The uncertainty drives us, motivates us and inspires us. Doesn’t it? We like being unsure. We like not knowing what today will bring. We like living on the edge, working fast, hustling and feeling the buzz of those little successes. 

Or, are we self-sabotaging our inner maverick by subconsciously creating a routine in our business lives to feel safe? We’re creatures of habit. We like being part of the herd. We like knowing what’s happening next. We like the certainty of the sale and we hate it when it goes wrong.  

You see, despite my aversion to the “daily commute” (replace commute with grind) I’m aware that I’ve created my own grind and not even realised it. 

I realised this recently because of two events I have in my life that loom large as I write this.

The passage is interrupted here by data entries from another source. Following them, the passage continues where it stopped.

(* Let $\Sigma$ be an alphabet and $L\subseteq\Sigma^*$. There exists an MPDA $\mathcal A$ with input alphabet $\Sigma$ and $L(\mathcal A)=L$ if and only if $L$ is context-free and every string in $L$ has length at least $2$.
   Context: A Moore push-down automaton (MPDA) is $\mathcal A=(Q,\Sigma,\Gamma,\delta,\tau,I,F)$ with finite sets of states $Q$, input symbols $\Sigma$, stack symbols $\Gamma$, transitions $\delta\subseteq(Q\times\Gamma^{\le1}\times\Gamma^{\le1}\times Q)\setminus(Q\times\Gamma\times\Gamma\times Q)$ (where $\Gamma^{\le1}=\{\varepsilon\}\cup\Gamma$; so a transition pops one symbol, pushes one symbol, or ignores the stack), output function $\tau:Q\to\Sigma$, and initial/final states $I,F\subseteq Q$. Configurations are pairs $\langle q,\alpha\rangle\in Q\times\Gamma^*$ (top of stack leftmost). Moves: $\langle q,\gamma\alpha\rangle\vdash\langle q',\gamma'\alpha\rangle$ for $(q,\gamma,\gamma',q')\in\delta$, $\alpha\in\Gamma^*$, provided $\gamma\alpha\neq\varepsilon$. A configuration is initial if $q\in I$ and $\alpha\in\Gamma$ (exactly one stack symbol), final if $q\in F$ and $\alpha=\varepsilon$. An accepting run is a sequence $\langle q_0,\alpha_0\rangle,\dots,\langle q_n,\alpha_n\rangle$ of configurations related successively by moves, starting in an initial and ending in a final configuration. $L(\mathcal A)$ is the set of strings $\tau(q_0)\cdots\tau(q_n)$ over all accepting runs. *)

From mathcomp Require Import all_boot.
Set Implicit Arguments.
Unset Strict Implicit.
Unset Printing Implicit Defensive.

(* seq of a Gamma^{<=1} element: None = epsilon, Some g = g *)
Definition oseq (T : Type) (o : option T) : seq T :=
  if o is Some g then [:: g] else [::].

Record MPDA (Sigma : finType) := {
  mQ : finType;
  mGamma : finType;
  mdelta : pred (mQ * option mGamma * option mGamma * mQ);
  mdelta_ok : forall q g g' q', ~~ mdelta (q, Some g, Some g', q');
  mtau : mQ -> Sigma;
  mI : pred mQ;
  mF : pred mQ
}.

Definition config (Sigma : finType) (A : MPDA Sigma) : Type :=
  (mQ A * seq (mGamma A))%type.

(* one move  <q, gamma alpha> |- <q', gamma' alpha>, with gamma alpha <> eps;
   top of stack is the head of the list *)
Definition mstep (Sigma : finType) (A : MPDA Sigma) (c c' : config A) : Prop :=
  exists (g g' : option (mGamma A)) (alpha : seq (mGamma A)),
    @mdelta _ A (c.1, g, g', c'.1) /\
    c.2 = oseq g ++ alpha /\ c'.2 = oseq g' ++ alpha /\
    oseq g ++ alpha <> [::].

Definition minitial (Sigma : finType) (A : MPDA Sigma) (c : config A) : Prop :=
  @mI _ A c.1 /\ size c.2 = 1.

Definition mfinal (Sigma : finType) (A : MPDA Sigma) (c : config A) : Prop :=
  @mF _ A c.1 /\ c.2 = [::].

Definition MPDA_lang (Sigma : finType) (A : MPDA Sigma) (w : seq Sigma) : Prop :=
  exists (n : nat) (c : nat -> config A),
    minitial (c 0) /\ mfinal (c n) /\
    (forall i, i < n -> mstep (c i) (c i.+1)) /\
    w = [seq @mtau _ A (c i).1 | i <- iota 0 n.+1].

Record CFG (Sigma : finType) := {
  gN : finType;
  gS : gN;
  gP : seq (gN * seq (gN + Sigma))
}.

Definition gderive1 (Sigma : finType) (G : CFG Sigma)
    (u v : seq (gN G + Sigma)) : Prop :=
  exists (x y : seq (gN G + Sigma)) (X : gN G) (rhs : seq (gN G + Sigma)),
    (X, rhs) \in @gP _ G /\ u = x ++ inl X :: y /\ v = x ++ rhs ++ y.

Inductive gderives (Sigma : finType) (G : CFG Sigma) :
    seq (gN G + Sigma) -> seq (gN G + Sigma) -> Prop :=
| gderives_refl u : @gderives Sigma G u u
| gderives_step u v w : @gderive1 Sigma G u v -> @gderives Sigma G v w -> @gderives Sigma G u w.

Definition CFG_lang (Sigma : finType) (G : CFG Sigma) (w : seq Sigma) : Prop :=
  @gderives _ G [:: inl (@gS _ G)] (map inr w).

Definition context_free (Sigma : finType) (L : seq Sigma -> Prop) : Prop :=
  exists G : CFG Sigma, forall w, CFG_lang G w <-> L w.

From mathcomp Require Import all_boot boolp.
Set Implicit Arguments.
Unset Strict Implicit.
Unset Printing Implicit Defensive.

(* From an MPDA to a grammar: the classical triple construction.  An accepting
   run starts with one stack symbol and ends with none, so it makes at least
   one move and outputs at least two letters.

   From a grammar to an MPDA: a suffix d of a right-hand side together with a
   left-corner path from T to B defines an item, whose language is L(d) times
   the words that follow B on that path.  After its first letter, every word
   of an item language lies in a product of two item languages whose product,
   prefixed by that letter, stays inside the item language.  Dropping the empty
   word, the item languages behave like the nonterminals of a grammar in
   quadratic Greibach normal form, which the machine simulates: it keeps the
   last output letter and the current item in its state and the remaining items
   on its stack, and replaces the current item by zero, one or two items by a
   pop, an idle move or a push.  For the start, the first letter of a word of
   L is output by the initial state, with the left-corner path from the start
   symbol to that letter as the item. *)

Fixpoint cat_lang (I S : Type) (K : I -> seq S -> Prop) (r : seq I) (w : seq S) : Prop :=
  if r is i :: r' then exists u v, w = u ++ v /\ K i u /\ cat_lang K r' v else w = [::].

Section Languages.
Variables (I S : Type) (K : I -> seq S -> Prop).

Lemma cat_lang_cat r1 r2 w1 w2 :
  cat_lang K r1 w1 -> cat_lang K r2 w2 -> cat_lang K (r1 ++ r2) (w1 ++ w2).
Proof.
elim: r1 w1 => [|i r1 IH] w1 /=; first by move=> ->.
move=> [u [v [-> [Ku Kv]]]] K2; exists u, (v ++ w2).
by rewrite catA; split => //; split => //; apply: IH.
Qed.

Lemma cat_lang_catP r1 r2 w : cat_lang K (r1 ++ r2) w ->
  exists w1 w2, [/\ w = w1 ++ w2, cat_lang K r1 w1 & cat_lang K r2 w2].
Proof.
elim: r1 w => [|i r1 IH] w /=; first by exists [::], w.
move=> [u [v [-> [Ku /IH [w1 [w2 [-> K1 K2]]]]]]].
by exists (u ++ w1), w2; rewrite catA; split => //; exists u, w1.
Qed.

Definition nonempty_lang i w := w <> [::] /\ K i w.

Lemma cat_lang_drop_nil r0 w : cat_lang K r0 w -> exists2 r, size r <= size r0 &
  cat_lang nonempty_lang r w /\ forall x, cat_lang nonempty_lang r x -> cat_lang K r0 x.
Proof.
elim: r0 w => [|i r0 IH] w /=; first by move=> ->; exists [::].
move=> [[|a u] [v [-> [Ku /IH [r le_r [Kv Kr]]]]]].
  exists r; first exact: leqW.
  by split => // x /Kr; exists [::], x.
exists (i :: r) => //.
split; first by exists (a :: u), v.
by move=> _ [u' [x [-> [[_ Ku'] /Kr]]]]; exists u', x.
Qed.

Definition greibach (F : I -> seq S -> Prop) := forall i a w, F i (a :: w) ->
  exists r, size r <= 2 /\ cat_lang F r w /\ forall x, cat_lang F r x -> F i (a :: x).

Definition split2 (P : seq S -> Prop) a w := exists i1 i2 w1 w2,
  [/\ w = w1 ++ w2, K i1 w1, K i2 w2 & forall x1 x2, K i1 x1 -> K i2 x2 -> P (a :: x1 ++ x2)].

Lemma split2_weaken (P P' : seq S -> Prop) a w :
  (forall x, P x -> P' x) -> split2 P a w -> split2 P' a w.
Proof.
move=> PP' [i1 [i2 [w1 [w2 [-> K1 K2 Pw]]]]].
by exists i1, i2, w1, w2; split => // x1 x2 K1x K2x; apply/PP'/Pw.
Qed.

Lemma greibach_nonempty_lang :
  (forall i a w, K i (a :: w) -> split2 (K i) a w) -> greibach nonempty_lang.
Proof.
move=> Ksplit i a w [_ /Ksplit [i1 [i2 [w1 [w2 [-> K1 K2 Ki]]]]]].
have [|r le_r [Kw Kr]] := @cat_lang_drop_nil [:: i1; i2] (w1 ++ w2).
  by exists w1, w2; split => //; split => //; exists w2, [::]; rewrite cats0.
exists r; split => //; split => // x /Kr [x1 [_ [-> [K1x [x2 [_ [-> [K2x ->]]]]]]]].
by split => //; rewrite cats0; apply: Ki.
Qed.

End Languages.

Section Runs.
Variables (Sigma : finType) (A : MPDA Sigma).
Local Notation tau := (@mtau _ A).

Inductive mrun : config A -> config A -> seq Sigma -> Prop :=
| mrun0 c : mrun c c [::]
| mrunS c c1 c2 w : mstep c c1 -> mrun c1 c2 w -> mrun c c2 (tau c1.1 :: w).

Lemma mrun_cat c1 c2 c3 u v : mrun c1 c2 u -> mrun c2 c3 v -> mrun c1 c3 (u ++ v).
Proof. by elim=> // c c' c'' w step _ IH /IH; apply: mrunS step. Qed.

Lemma mrun_nil c c' : mrun c c' [::] -> c' = c.
Proof. by move=> run; inversion run. Qed.

Lemma mrun_of_steps n (f : nat -> config A) :
  (forall i, i < n -> mstep (f i) (f i.+1)) ->
  mrun (f 0) (f n) [seq tau (f i).1 | i <- iota 1 n].
Proof.
elim: n f => [|n IH] f steps; first exact: mrun0.
have -> : [seq tau (f i).1 | i <- iota 1 n.+1] =
    tau (f 1).1 :: [seq tau (f i.+1).1 | i <- iota 1 n].
  by rewrite /= -[2]/(1 + 1) iotaDl -map_comp.
exact: mrunS (steps 0 isT) (IH (f \o succn) (fun i lt_in => steps i.+1 lt_in)).
Qed.

Lemma steps_of_mrun c c' u : mrun c c' u -> exists n (f : nat -> config A),
  [/\ f 0 = c, f n = c', forall i, i < n -> mstep (f i) (f i.+1)
    & u = [seq tau (f i).1 | i <- iota 1 n]].
Proof.
elim=> [c0|c0 c1 c2 w step _ [n [f [f0 fn steps ->]]]]; first by exists 0, (fun _ => c0).
exists n.+1, (fun i => if i is i'.+1 then f i' else c0); split => //.
  by case=> [|i] /= lt_in; [rewrite f0 | apply: steps].
by rewrite /= f0 -[2]/(1 + 1) iotaDl -map_comp.
Qed.

Lemma MPDA_langE w : MPDA_lang A w <->
  exists c0 c u, [/\ minitial c0, mfinal c, mrun c0 c u & w = tau c0.1 :: u].
Proof.
split=> [[n [f [init [fin [steps ->]]]]]|[c0 [c [u [init fin run ->]]]]].
  by exists (f 0), (f n), [seq tau (f i).1 | i <- iota 1 n]; split => //; exact: mrun_of_steps.
have [n [f [f0 fn steps ->]]] := steps_of_mrun run.
by exists n, f; rewrite /= f0 fn.
Qed.

End Runs.

Section Generation.
Variables (Sigma : finType) (G : CFG Sigma).
Local Notation sym := (gN G + Sigma)%type.
Local Notation derives := (@gderives _ G).

Inductive generates : seq sym -> seq Sigma -> Prop :=
| gen_nil : generates [::] [::]
| gen_term a s w : generates s w -> generates (inr a :: s) (a :: w)
| gen_rule X rhs s u v : (X, rhs) \in gP G -> generates rhs u -> generates s v ->
    generates (inl X :: s) (u ++ v).

Lemma generates_cat s1 s2 w1 w2 :
  generates s1 w1 -> generates s2 w2 -> generates (s1 ++ s2) (w1 ++ w2).
Proof.
move=> gen1 gen2; elim: gen1 => //= [a s w _ IH|X rhs s u v XP gen_u _ _ IH].
  exact: gen_term.
by rewrite -catA; apply: gen_rule XP gen_u IH.
Qed.

Lemma generates_catP s1 s2 w : generates (s1 ++ s2) w ->
  exists w1 w2, [/\ w = w1 ++ w2, generates s1 w1 & generates s2 w2].
Proof.
elim: s1 w => [|x s1 IH] w /= gen_w; first by exists [::], w; split => //; exact: gen_nil.
inversion gen_w as [|a s0 w0 gen_s|X rhs s0 u v XP gen_u gen_v]; subst.
  have [w1 [w2 [-> gen1 gen2]]] := IH _ gen_s.
  by exists (a :: w1), w2; split => //; apply: gen_term.
have [w1 [w2 [-> gen1 gen2]]] := IH _ gen_v.
by exists (u ++ w1), w2; rewrite catA; split => //; apply: gen_rule XP gen_u gen1.
Qed.

Lemma generates_nilE w : generates [::] w -> w = [::].
Proof. by move=> gen_w; inversion gen_w. Qed.

Lemma generates_terms t : generates (map inr t) t.
Proof. by elim: t => [|a t IH]; [apply: gen_nil | apply: gen_term]. Qed.

Lemma generates_nonterm X w :
  generates [:: inl X] w <-> exists2 rhs, (X, rhs) \in gP G & generates rhs w.
Proof.
split=> [gen_w|[rhs XP gen_w]]; last by rewrite -[w]cats0; apply: gen_rule XP gen_w gen_nil.
inversion gen_w as [| |X0 rhs s u v XP gen_u gen_v]; subst.
by rewrite (generates_nilE gen_v) cats0; exists rhs.
Qed.

Lemma gderives_trans u v w : derives u v -> derives v w -> derives u w.
Proof. by elim=> // u0 v0 w0 step _ IH /IH; apply: gderives_step step. Qed.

In two weeks, Kay and I will be getting married. The last few months have been a frenzy of planning. We’re obsessing over every detail to make sure it all goes as well as possible.  Catering, the marquee, photographers and the table plan – bloody hell, the table plan!  

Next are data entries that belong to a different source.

(* Consider the 4-state Jukes–Cantor coalescent mixture (CK) model on the rooted 3-taxon species tree $((a:\ell_a,b:\ell_b):\ell_{ab},\,c:\ell_c)$ with non-negative edge lengths. If $\ell_a=\ell_{ab}+\ell_c$, then the resulting probability tensor $P=(p_{ijk})$ (indices ordered $a,b,c$) is invariant under exchanging the $a$ and $c$ indices: $p_{ijk}=p_{kji}$ for all $i,j,k$.
   Context: The CK Jukes–Cantor model on a rooted species tree with edge lengths (not necessarily ultrametric): with a constant population size, a gene tree with one lineage sampled per taxon is drawn under the multispecies coalescent (lineages coalesce only within populations, i.e., edges of the species tree including the infinite root population), and a site evolves on the gene tree by the 4-state Jukes–Cantor process (rate matrix with all off-diagonal entries equal, uniform stationary distribution) started from the uniform distribution at the gene tree root, with edge lengths converted by a fixed scalar mutation rate. The site pattern probability tensor is the mixture over gene trees. The notation $(a:\ell_a,b:\ell_b):\ell_{ab}$ means the cherry $\{a,b\}$ with pendant edge lengths $\ell_a,\ell_b$ joined by an edge of length $\ell_{ab}$ to the root, and $c:\ell_c$ is a pendant edge of length $\ell_c$ from the root. *)

From HB Require Import structures.
From mathcomp Require Import all_boot all_order all_algebra.
From mathcomp Require Import all_classical all_reals all_analysis.
Set Implicit Arguments. Unset Strict Implicit. Unset Printing Implicit Defensive.
Import Order.TTheory GRing.Theory Num.Theory.
Import numFieldNormedType.Exports.
Local Open Scope classical_set_scope.
Local Open Scope ring_scope.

It must be right. It must flow so that everyone has a great time. We’re putting ourselves into a position of stress so we’re not stressed on the day… Yeah, I can’t figure that one either. 

There must be a little part of me that needs to have the security, the certainty that all will be well. 

Then there’s the stag weekend. 

The stag weekend that’s next weekend. 

The stag weekend where 16 lads can all plan for, pack for and set themselves for except the stag. Why? Because, as I write this, I have no idea where we’re going. Luton airport at 1 pm on the 9th of May is the extent of my knowledge. 

Hot? Cold? Jeans? Flipflops? Swimmers? Euros? I have no idea. What I do know is that I love the fact I have no idea. At one level it’s freaking me out. At another, the inner maverick is jumping around with joy. 

The contrast between the wedding and the stag is huge. In one, I’m in complete control (well, as much as Kay will let me) and in the other, I’m as helpless as a frog with no legs.  

I don’t know whether I’m excited or petrified. For clarity, I’m talking about the stag (Kay does read these).  

You see, the wedding reflects the part of me that craves certainty and order. The part of me that’s created order in the chaotic world of being an entrepreneur. The part of me that goes to the same networking events every week, goes to the gym at the same time and gets up at the same time.  

Kay has even enrolled me in her commute.  Dropping her at the station every morning before seven and picking her up at six. I’ve become a cog in a machine I hate. 

Routine and a sense of comfort. My fear is whether that’s led to a loss of that cutting edge we all need to thrive in the unknown. Safe and secure is no good for the entrepreneur. Stuff happens when you’ve got to be at your sharpest.  When the pressure is on. When you don’t know what’s around the corner. It keeps you hungry, it keeps you thinking, it drives creativity. 

Comfort and security are great things to have. They’re also like a well-used knife. Dull. Maybe it’s time to shake up that routine a little. Work somewhere different (I’m in a new café this morning, instead of the office).  Go to a new networking event, start late, finish late, drink tea instead of coffee (okay don’t do that). Whatever it is – keep the knife sharp. 

I can’t wait for Budapest/Prague/Krakow/Malaga/Helsinki/Amsterdam/Dublin.  

I’ll let you know how I get on assuming I can still type with a dwarf handcuffed to my wrist.